La fitness des individus selon le génotype a été évaluée dans les régions d’Afrique où la
malaria est fréquente (ω1=0, ω2=1, ω3=0.85). On a pu calculer la fréquence de l’allèle Hbβs à
l’équilibre ^p=0.13. Cette valeur est assez proche de la fréquence allélique de 0.09 observée
en Afrique Occidentale, mais il existe des variations considérables de la fréquence de cet
allèle parmi les populations locales.
 L’infériorité des hétérozygotes
L’infériorité des hétérozygotes décrit la situation inverse de la surdominance ; elle se
rencontre quand la valeur sélective du génotype hétérozygote est inférieure aux valeurs
sélectives des 2 homozygotes (c’est à dire que ω1 > ω2 <ω3).
On obtient un équilibre pour une valeur de ^p mais il est instable.
Document 1 : Sélection naturelle dans le cas d’infériorité des hétérozygotes
Quand l’allèle A est rare (p=0.1), il a tendance à diminuer en fréquence (jusqu’à ce que
p=0) et quand il est courant (p=0.8), il a tendance à augmenter en fréquence (jusqu’à ce que
p=1).
En résumé, si la fréquence initiale de l’allèle est exactement égale à la valeur à l’équilibre
(^p), la fréquence allélique se maintient alors à cette valeur, le polymorphisme est donc
conservé. Dans tous les autres cas, p va vers 1 ou 0 donc il y a fixation de un allèle.
L’évolution dépend de la fréquence initiale de l’allèle, si elle est supérieure ou inférieure à la
fréquence d’équilibre. Noter que la valeur pour p = ^p correspond au minimum de la valeur
sélective moyenne. Ceci montre que la capacité de la sélection naturelle à accroître la valeur
sélective moyenne est limitée dans de tel cas.
Conclusion :
Comme on a pu le voir au cours de cet exposé, le polymorphisme revêt une grande
importance pour les populations naturelles puisqu’il constitue une réserve génétique qui va
permettre aux organismes de s’adapter à des conditions environnementales variables.
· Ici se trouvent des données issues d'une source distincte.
(* Let $M$ be a completely regular Hausdorff space. Then the Stone–Čech compactification $\beta M$ of $M$ is homeomorphic to the Gelfand spectrum of the abelian $C^\ast$-algebra $C^{pt}(\mathcal{Q}(\mathcal{T}(M)))$. If, in particular, $M$ is discrete, then $\beta M$ is homeomorphic to $\mathcal{Q}(\mathcal{T}(M))$.
   Context: $\mathcal{T}(M)$ is the lattice of open subsets of $M$. A quasipoint of $\mathcal{T}(M)$ is a maximal dual ideal (maximal nonempty family of open sets not containing $\emptyset$, upward closed and closed under finite intersections); $\mathcal{Q}(\mathcal{T}(M))$ is the set of quasipoints with topology having base $\{\mathfrak{B}\mid U\in\mathfrak{B}\}$, $U\in\mathcal{T}(M)$. $\mathfrak{B}$ is over $x\in M$ if $x\in\bigcap_{U\in\mathfrak{B}}\overline{U}$ (at most one such $x$ since $M$ is Hausdorff); $\mathcal{Q}^{pt}(\mathcal{T}(M))$ is the set of quasipoints over some point, and $pt:\mathcal{Q}^{pt}(\mathcal{T}(M))\to M$ sends a quasipoint over $x$ to $x$. $C^{pt}(\mathcal{Q}(\mathcal{T}(M)))$ is the $C^\ast$-algebra of continuous functions $\mathcal{Q}(\mathcal{T}(M))\to\mathbb{C}$ that are constant on each fibre of $pt$. *)

From HB Require Import structures.
From mathcomp Require Import all_boot all_order all_algebra.
From mathcomp Require Import all_classical all_reals all_analysis.
From mathcomp Require Import complex.

Set Implicit Arguments.
Unset Strict Implicit.
Unset Printing Implicit Defensive.

Import Order.TTheory GRing.Theory Num.Theory.
Import numFieldNormedType.Exports.

Local Open Scope classical_set_scope.
Local Open Scope ring_scope.

Definition homeomorphic (X Y : topologicalType) : Prop :=
  exists (f : X -> Y) (g : Y -> X),
    [/\ continuous f, continuous g, cancel f g & cancel g f].

Definition discrete_top (X : topologicalType) : Prop :=
  forall A : set X, open A.

Definition stone_cech (M K : topologicalType) (e : M -> K) : Prop :=
  [/\ compact [set: K], hausdorff_space K,
      continuous e /\ injective e /\
      (forall U : set M, open U -> exists V : set K, open V /\ e @^-1` V = U),
      dense (range e)
    & forall (L : topologicalType) (f : M -> L),
        compact [set: L] -> hausdorff_space L -> continuous f ->
        exists g : K -> L, continuous g /\ g \o e = f].

Section Quasipoints.
Variable M : topologicalType.

(** Dual ideals (filters) of the lattice T(M) of open subsets of M,
    not containing the bottom element (empty set). *)
Definition open_dual_ideal (F : set (set M)) : Prop :=
  [/\ (forall U, F U -> open U),
      F !=set0,
      ~ F set0,
      (forall U V, F U -> open V -> U `<=` V -> F V)
    & (forall U V, F U -> F V -> F (U `&` V))].

Definition quasipoint (F : set (set M)) : Prop :=
  open_dual_ideal F /\
  (forall G, open_dual_ideal G -> F `<=` G -> G = F).

Record QP := MkQP { qp_set :> set (set M); qp_ok : quasipoint qp_set }.

HB.instance Definition _ := gen_eqMixin QP.
HB.instance Definition _ := gen_choiceMixin QP.

Definition qp_basic : set (set QP) :=
  [set S | exists U : set M, open U /\ S = [set B : QP | qp_set B U]].

HB.instance Definition _ :=
  isSubBaseTopological.Build QP qp_basic id.

Definition qp_over (B : QP) (x : M) : Prop :=
  forall U, qp_set B U -> closure U x.

End Quasipoints.

Section Spectrum.
Variables (R : realType) (M : topologicalType).
Local Notation C := (R[i])^o.
(** [(R[i])^o] is [R[i]] with its norm (Euclidean) topology. *)

(** Continuous functions Q(T(M)) -> C constant on each fibre of pt. *)
Record Cpt := MkCpt {
  cpt_fun :> QP M -> C;
  cpt_cont : continuous cpt_fun;
  cpt_fibre : forall (B1 B2 : QP M) (x : M),
      qp_over B1 x -> qp_over B2 x -> cpt_fun B1 = cpt_fun B2 }.

(** Characters of C^pt: nonzero multiplicative C-linear functionals
    (operations of the algebra are pointwise). *)
Definition cpt_character (phi : Cpt -> C) : Prop :=
  [/\ (forall f g h : Cpt, (forall q, h q = f q + g q) -> phi h = phi f + phi g),
      (forall (c : C) (f h : Cpt), (forall q, h q = c * f q) -> phi h = c * phi f),
      (forall f g h : Cpt, (forall q, h q = f q * g q) -> phi h = phi f * phi g)
    & exists f : Cpt, phi f != 0].

Record Spec := MkSpec { spec_fun :> Cpt -> C; spec_ok : cpt_character spec_fun }.

HB.instance Definition _ := gen_eqMixin Spec.
HB.instance Definition _ := gen_choiceMixin Spec.

Definition spec_basic : set (set Spec) :=
  [set S | exists (f : Cpt) (W : set C), open W /\ S = [set phi : Spec | W (phi f)]].

HB.instance Definition _ :=
  isSubBaseTopological.Build Spec spec_basic id.

End Spectrum.

(* Let e : M -> K be a Stone-Cech compactification. Along a quasipoint B the
   map e has a unique limit qp_lim B in K, and qp_lim is a continuous
   surjection from the compact space Q(T(M)) onto K, sending quasipoints over
   x to e x. A function of C^pt, being constant on the fibres of pt, descends
   to a bounded continuous function on M, which extends to K; so C^pt is the
   algebra C(K), through composition with qp_lim. A character of C(K)
   evaluates at a common zero of its kernel, which exists by compactness since
   the zero sets of the kernel are closed under finite intersections (use
   |f|^2 + |g|^2). Hence K maps bijectively and continuously onto the
   spectrum, a Hausdorff space. When M is discrete, two distinct quasipoints
   contain disjoint open sets, whose indicator functions extend to K and
   separate their limits, so qp_lim itself is a homeomorphism. *)

From HB Require Import structures.
From mathcomp Require Import all_boot all_order all_algebra.
From mathcomp Require Import all_classical all_reals all_analysis.
From mathcomp Require Import complex.

Set Implicit Arguments.
Unset Strict Implicit.
Unset Printing Implicit Defensive.

Import Order.TTheory GRing.Theory Num.Theory.
Import numFieldNormedType.Exports.

Local Open Scope classical_set_scope.
Local Open Scope ring_scope.

(* The equation on [open] says that X carries the topology generated by the
   subbase D, as built by [isSubBaseTopological]; for such X it holds by
   [erefl]. *)
Lemma subbase_open (X : topologicalType) (D : set_system X) :
  @open X = [set \bigcup_(A in E) A | E in subset^~ (finI_from D id)] ->
  D `<=` open.
Proof.
move=> -> S DS; exists [set S]; last by rewrite bigcup_set1.
by move=> _ ->; exact: finI_from1.
Qed.

Lemma subbase_nbhs_le (X : topologicalType) (D : set_system X) (x : X)
    (F : set_system X) :
  @open X = [set \bigcup_(A in E) A | E in subset^~ (finI_from D id)] ->
  Filter F -> (forall S, D S -> S x -> F S) -> nbhs x `<=` F.
Proof.
move=> openE FF DF A; rewrite nbhsE; case=> O [oO Ox] OA; apply: filterS OA _.
move: oO; rewrite openE => -[E EfinI OE]; rewrite -OE in Ox *.
case: Ox => S ES Sx; apply: filterS (fun y Sy => ex_intro2 _ _ S ES Sy) _.
have [D' D'D SE] := EfinI S ES; rewrite -SE in Sx *.
apply: filter_bigI => S' D'S'; apply: DF; last exact: Sx.
exact/set_mem/D'D.
Qed.

Lemma dense_eq_continuous (X Y : topologicalType) (f g : X -> Y) (D : set X) :
  hausdorff_space Y -> continuous f -> continuous g -> dense D ->
  (forall x, D x -> f x = g x) -> f =1 g.
Proof.
move=> hY cf cg dD fg x; apply: hY => A B /(cf x) fA /(cg x) gB.
have : nbhs x (f @^-1` A `&` g @^-1` B) by exact: filterI.
rewrite nbhsE; case=> O [oO Ox] sO.
have [y [/sO [Afy Bgy] Dy]] := dD O (ex_intro _ x Ox) oO.
by exists (f y); split; rewrite // fg.
Qed.

Lemma dense_closed_setT (X : topologicalType) (A D : set X) :
  closed A -> dense D -> D `<=` A -> A = setT.
Proof.
move=> clA dD DA; apply/seteqP; split => // x _; apply: contrapT => NAx.
have [y [NAy Dy]] := dD (~` A) (ex_intro _ x NAx) (closed_openC clA).
exact/NAy/DA.
Qed.

Lemma compact_hausdorff_homeomorphic (X Y : topologicalType) (f : X -> Y) :
  compact [set: X] -> hausdorff_space Y -> continuous f -> injective f ->
  (forall y, exists x, f x = y) -> homeomorphic X Y.
Proof.
move=> cX hY cf finj fsurj.
pose g y := projT1 (cid (fsurj y)).
have gK : cancel g f := fun y => projT2 (cid (fsurj y)).
have fK : cancel f g by move=> x; apply: finj; rewrite gK.
exists f, g; split => //; apply/continuous_closedP => A clA.
have -> : g @^-1` A = f @` A.
  apply/seteqP; split => [y Agy|_ [x Ax <-]]; last by rewrite /= fK.
  by exists (g y); rewrite ?gK.
apply: compact_closed hY _; apply: continuous_compact.
  exact: continuous_subspaceT.
exact: subclosed_compact clA cX _.
Qed.

Lemma homeomorphic_sym (X Y : topologicalType) :
  homeomorphic X Y -> homeomorphic Y X.
Proof. by move=> [f [g [cf cg fK gK]]]; exists g, f. Qed.

Lemma compact_bounded_real (X : topologicalType) (R : realType) (f : X -> R) :
  compact [set: X] -> continuous f -> exists r, forall x, `|f x| <= r.
Proof.
move=> cX cf.
have := continuous_compact (continuous_subspaceT cf) cX.
move=> /compact_bounded [r [_ fr]].
by exists (r + 1) => x; apply: (fr (r + 1)); [rewrite ltrDl|exists x].
Qed.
Mais pour maintenir le polymorphisme génétique dans une population, il faut que les
fréquences alléliques restent approximativement constantes au cours du temps. Or, un certain
nombre de facteurs influent sur ces fréquences tels que les types de croisement
(consanguinité) et les différentes forces évolutives (la dérive génétique, la mutation, la
migration et la sélection).
Ainsi, dans toutes les espèces naturelles, la variabilité génétique produite par les mutations
est structurée, maintenue, éliminée ou répartie dans les sous-populations selon un équilibre
subtil entre la sélection naturelle, les migrations et la dérive.
De plus, la variabilité génétique naturelle se révèle favorable à de nombreuses applications,
comme par exemple pour reconstituer l’évolution ancestrale d’une population d’organismes.
D’un point de vue pratique, dans les populations humaines les polymorphismes sont utiles
comme marqueurs génétiques. Par exemple, dans une famille où l’on connaît l’histoire
d’une maladie sur plusieurs générations, on peut ainsi suivre les marqueurs génétiques pour
déterminer les membres de la lignée porteurs du gène nocif et pour effectuer un diagnostic
précoce des individus susceptibles d’être atteints.